At the end of my last blog on this topic, I stated that little did I know that the trail of letters from McDermott to Cohen to me was the first act in an ongoing performance. Events from that "first act" did die down, but not before Cohen and I exchanged letters and McDermott delivered a ringing radio performance.
In the aftermath of my January 31, 2005, column discussed in Part I, McDermott went on the radio February 4, 2005, and ridiculed me saying that I was "starved for attention as a child," calling me a "moron", "nutty professor", and "completely and totally clueless."
But more important than his ridicule of me, on that February 4, 2005, radio show McDermott decided to go after my employment by accusing me of not doing my job. And just how would McDermott Jr. know how I performed my duties as a professor? He announced he had engaged in conversation with Cohen about me, that I regularly missed classes and I did not hand out syllabi (among other things, all not true).
Call me crazy, but I find the efforts of an elected official to get a taxpaying citizen fired from their job an unseemly sort of endeavor. What I find just as unseemly, if not more so, is that Cohen, a high ranking State official by virtue of his position as Chancellor of a State-funded institution, apparently saw nothing wrong with such behavior. "Politico Corrupticus Syndrome" was clearly running its full course here.
Remember, freedom of speech (particularly political speech) is an individual right to be protected against the government's suppression. It is not a tool to be used by the government or government officials to suppress unwanted taxpayer/citizen criticism. Cohen and McDermott, both government officials (one as administrative head of a State-funded institution the other elected to office) were attempting to stifle political speech. The Democratic Party should be appalled at this behavior. That is as un-American as one can get. It offends every sense of what America stands for and has fought for.

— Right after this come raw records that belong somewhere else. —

(* Let $\mathcal{A}$ be an infinite set. There exists a continuous locally finite-dimensional map $\eta:\mathfrak{S}(\mathcal{A})\to\boldsymbol{\Sigma}(\mathcal{A})$ such that $\overline{\operatorname{car}_\eta}^*(y)\subseteq\operatorname{car}(y)$ for every $y\in\mathfrak{S}(\mathcal{A})$. Consequently, if $X$ is a space and $\xi:X\to\mathfrak{S}(\mathcal{A})$ is continuous, then $\eta\circ\xi:X\to\boldsymbol{\Sigma}(\mathcal{A})$ is a continuous locally finite-dimensional map with $\overline{\operatorname{car}_{\eta\circ\xi}}^*(p)\subseteq\operatorname{car}_\xi(p)$ for every $p\in X$.
   Context: $\ell_1(\mathcal{A})$ is the Banach space of all $y:\mathcal{A}\to\mathbb{R}$ with $\|y\|_1=\sum_{\alpha}|y(\alpha)|<\infty$; $\mathbf{c}_{00}(\mathcal{A})\subseteq\ell_1(\mathcal{A})$ is the subspace of finitely supported functions. $\mathfrak{S}(\mathcal{A})=\{y\in\ell_1(\mathcal{A}): y(\alpha)\ge0\ \forall\alpha,\ \|y\|_1=1\}$ and $\boldsymbol{\Sigma}(\mathcal{A})=\mathfrak{S}(\mathcal{A})\cap\mathbf{c}_{00}(\mathcal{A})$, both with the $\|\cdot\|_1$-norm topology. $\operatorname{car}(y)=\{\alpha: y(\alpha)\neq0\}$; for a map $\zeta$ into $\mathbb{R}^{\mathcal{A}}$, $\operatorname{car}_\zeta(x)=\operatorname{car}(\zeta[x])$, where $\zeta[x]$ is the value at $x$. A map into a vector space is locally finite-dimensional if every point has an open neighbourhood mapped into a finite-dimensional linear subspace. For a cover $\Omega:Z\rightrightarrows\mathcal{A}$ of a space $Z$ (a map assigning nonempty subsets of $\mathcal{A}$), $\overline{\Omega}^*(p)=\bigcap\{\bigcup_{z\in U}\Omega(z): U\subseteq Z \text{ open}, p\in U\}$; equivalently $(\overline{\Omega}^* )^{-1}(\alpha)$ is the closure of $\Omega^{-1}(\alpha)=\{z:\alpha\in\Omega(z)\}$. *)

From HB Require Import structures.
From mathcomp Require Import all_boot all_order all_algebra.
From mathcomp Require Import all_classical all_reals topology.
From Stdlib Require List.
Set Implicit Arguments. Unset Strict Implicit. Unset Printing Implicit Defensive.
Import Order.TTheory GRing.Theory Num.Theory.
Local Open Scope ring_scope.
Local Open Scope classical_set_scope.

Section L1.
Variables (R : realType) (A : Type).
Implicit Types (y z : A -> R) (r d : R).

Definition psum y (l : seq A) : R := \sum_(a <- l) `|y a|.

(* ||y||_1 <= r : every finite partial sum (over distinct indices) is <= r *)
Definition l1_le y r : Prop :=
  forall l : seq A, List.NoDup l -> psum y l <= r.

(* ||y||_1 < d  (sup of partial sums < d iff some r < d bounds them) *)
Definition l1_lt y d : Prop := exists2 r, r < d & l1_le y r.

Definition in_l1 y : Prop := exists r, l1_le y r.

(* ||y||_1 = 1 for nonnegative y, i.e. sup of partial sums equals 1 *)
Definition in_simplex y : Prop :=
  [/\ forall a, 0 <= y a,
      l1_le y 1 &
      forall e, 0 < e -> exists2 l : seq A, List.NoDup l & 1 - e < psum y l].

Definition fin_supp y : Prop :=
  exists l : seq A, forall a, y a != 0 -> List.In a l.

Definition in_Sigma y : Prop := in_simplex y /\ fin_supp y.

Definition car y : set A := [set a | y a != 0].

Definition vsub y z : A -> R := fun a => y a - z a.

Definition in_fin_dim (W : set (A -> R)) : Prop :=
  exists (n : nat) (B : 'I_n -> (A -> R)),
    forall w, W w -> exists c : 'I_n -> R,
      forall a, w a = \sum_(i < n) c i * B i a.

Definition Sball y d : set (A -> R) :=
  [set z | in_simplex z /\ l1_lt (vsub z y) d].

Definition S_continuous (f : (A -> R) -> (A -> R)) : Prop :=
  forall y, in_simplex y -> forall e, 0 < e ->
    exists2 d, 0 < d & forall z, Sball y d z -> l1_lt (vsub (f z) (f y)) e.

Definition S_loc_fin_dim (f : (A -> R) -> (A -> R)) : Prop :=
  forall y, in_simplex y -> exists2 d, 0 < d & in_fin_dim (f @` Sball y d).

Definition S_car_closure (f : (A -> R) -> (A -> R)) y : set A :=
  [set a | forall d, 0 < d -> exists2 z, Sball y d z & f z a != 0].

Definition X_continuous (X : topologicalType) (g : X -> (A -> R)) : Prop :=
  forall p : X, forall e, 0 < e ->
    exists U : set X, [/\ open U, U p &
      forall q, U q -> l1_lt (vsub (g q) (g p)) e].

Definition X_loc_fin_dim (X : topologicalType) (g : X -> (A -> R)) : Prop :=
  forall p : X, exists U : set X, [/\ open U, U p & in_fin_dim (g @` U)].

Definition X_car_closure (X : topologicalType) (g : X -> (A -> R)) (p : X)
  : set A :=
  [set a | forall U : set X, open U -> U p -> exists2 q, U q & g q a != 0].

End L1.

From HB Require Import structures.
From mathcomp Require Import all_boot all_order all_algebra.
From mathcomp Require Import all_classical all_reals topology.
From mathcomp Require Import ring lra.
From Stdlib Require List.
Set Implicit Arguments. Unset Strict Implicit. Unset Printing Implicit Defensive.
Import Order.TTheory GRing.Theory Num.Theory.
Local Open Scope ring_scope.
Local Open Scope classical_set_scope.

(* For [y] in the simplex let [s] be the supremum of its coordinates and cut
   [y] at height [s/2]: [w = (y - s/2)^+] and [eta y = w / ||w||_1].  Only
   finitely many coordinates of [y] exceed [s/4], since each carries mass more
   than [s/4] out of a total mass [1]; on the ball of radius [s/4] around [y]
   the support of [w] stays among these coordinates, which gives local finite
   dimensionality and [car_eta^* y ⊆ car y].  The supremum is 1-Lipschitz for
   the sup-distance, which is dominated by the l1-distance, so on that ball [w]
   moves in l1 by at most a constant (proportional to the number of those
   coordinates) times the distance, while [||w||_1] stays above [s/8]; hence
   [eta] is continuous. *)

Section Retraction.
Variables (R : realType) (A : Type).
Implicit Types (f g h y z : A -> R) (l F : seq A).

Lemma psum_nil f : psum f [::] = 0.
Proof. by rewrite /psum big_nil. Qed.

Lemma psum_cons f a l : psum f (a :: l) = `|f a| + psum f l.
Proof. by rewrite /psum big_cons. Qed.

Lemma NoDup1 (a : A) : List.NoDup [:: a].
Proof. exact: List.NoDup_cons (@List.in_nil _ a) (List.NoDup_nil _). Qed.

Lemma l1_le_coord f r a : l1_le f r -> `|f a| <= r.
Proof. by move=> /(_ _ (NoDup1 a)); rewrite psum_cons psum_nil addr0. Qed.

Lemma ler_psum f g l : (forall a, `|f a| <= `|g a|) -> psum f l <= psum g l.
Proof. by move=> fg; apply: ler_sum => a _. Qed.

Lemma psum_le_vsub f g l : psum f l <= psum g l + psum (vsub f g) l.
Proof.
rewrite /psum -big_split /=; apply: ler_sum => a _.
by rewrite /vsub -[X in `|X|](subrK (g a)) addrC ler_normD.
Qed.

Lemma psum_vsubC f g l : psum (vsub f g) l = psum (vsub g f) l.
Proof. by apply: eq_bigr => a _; rewrite /vsub distrC. Qed.

Lemma psum_divr f c l : 0 < c -> psum (fun a => f a / c) l = psum f l / c.
Proof.
move=> c0; rewrite /psum mulr_suml; apply: eq_bigr => a _.
by rewrite normrM normfV (gtr0_norm c0).
Qed.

As an American Hoosier tax paying citizen, on February 4, 2005, I wrote "governmental enforcer" Cohen and told him "Shame on you" for sending an official governmental message to elected Democratic Party partisan McDermott Jr. that somehow attacks on a professor's job by an elected official are okay. Cohen, of course, wrote me back, denied he was any way involved with McDermott Jr's behavior, but did inform me that he considered me an "embarrassment" to him, which just happened to be the exact word that McDermott, Jr. had used on his weekly radio show to describe my relationship to the University.
It was after this little flurry of exchanges that things died down, but only for a bit.
About six months later, "Politico Corrupticus Syndrome" was once again manifesting itself in the halls of academe and the second act in this ongoing performance was underway.
On August 25, 2005, I wrote one of my regular columns regarding the funding of State universities in Indiana (082505.mht). This was but one of many columns I have written and speeches I have given on this topic. In this column, I squarely put the onus on our elected State legislators, particularly John Aguilera and Ralph Ayres (who were both serving on the House Ways and Means Committee, which wrote the bi-annual budget), for not addressing the disparity in higher education funding between the center of the State and NWI. There was nothing unusual about this column. Or so I thought.
But this time was different. Chancellor Cohen, as Chancellor of Purdue Calumet wrote a letter to the editor criticizing my August 25, 2005, column (CohenLtr.mht). It is important to understand here that Howard Cohen did not disagree with me as Howard Cohen, the citizen, he disagreed with me in his official State position as Chancellor Cohen, and as Chancellor Cohen he defended the Northwest Indiana delegation, in particular Aguilera and Ayres, against my "unfair and uninformed" column. (Speaking of "unfair and uniformed" that year Purdue University Calumet lost half a million dollars in State, tax-payer, funding, which it has never recouped. That $500,000, that you and I pay as tax payers, went to other parts of the State. That is $500,000 per year of economic development funds that were lost.)
Even Aguilera recognized that Chancellor Cohen's defense of him was the University defense of him as an elected official when he wrote Cohen on September 1, 2005 (AguileraLtr.mht), saying "I [Aguilera] appreciate your support and the support of the university against the negative attacks of Professor Eisenstein [italics added]." (Note: the September 1, 2005, letter from Aguilera to Cohen is another one of those documents that I recently received via a freedom of information request.) "Politico Corrupticus Syndrome" indeed.
All I could think was: "This is the theater of the absurd. Do the elected officials in NWI really believe that it is the job of State-funded institutions to protect them from citizen and taxpayer criticism? Does Chancellor Cohen really believe that as the administrative head of a State-funded institution he should be providing comfort and aid to elected officials who receive criticism?" Apparently they do.
What is amazing is that the Purdue Board of Trustees did not step in to protect the political neutrality of the institution as required by law. And where were the Republicans as they watched their tax dollars being used for partisan political advantage?
Of course, I responded to Cohen's letter to the editor in my September 8, 2005, column (090805.mht).
This was not the end of my exchanges with Augilera. And it certainly was not the end to the "Politico Corrupticus Syndrome" that had now been firmly rooted into the hallowed halls of PUC.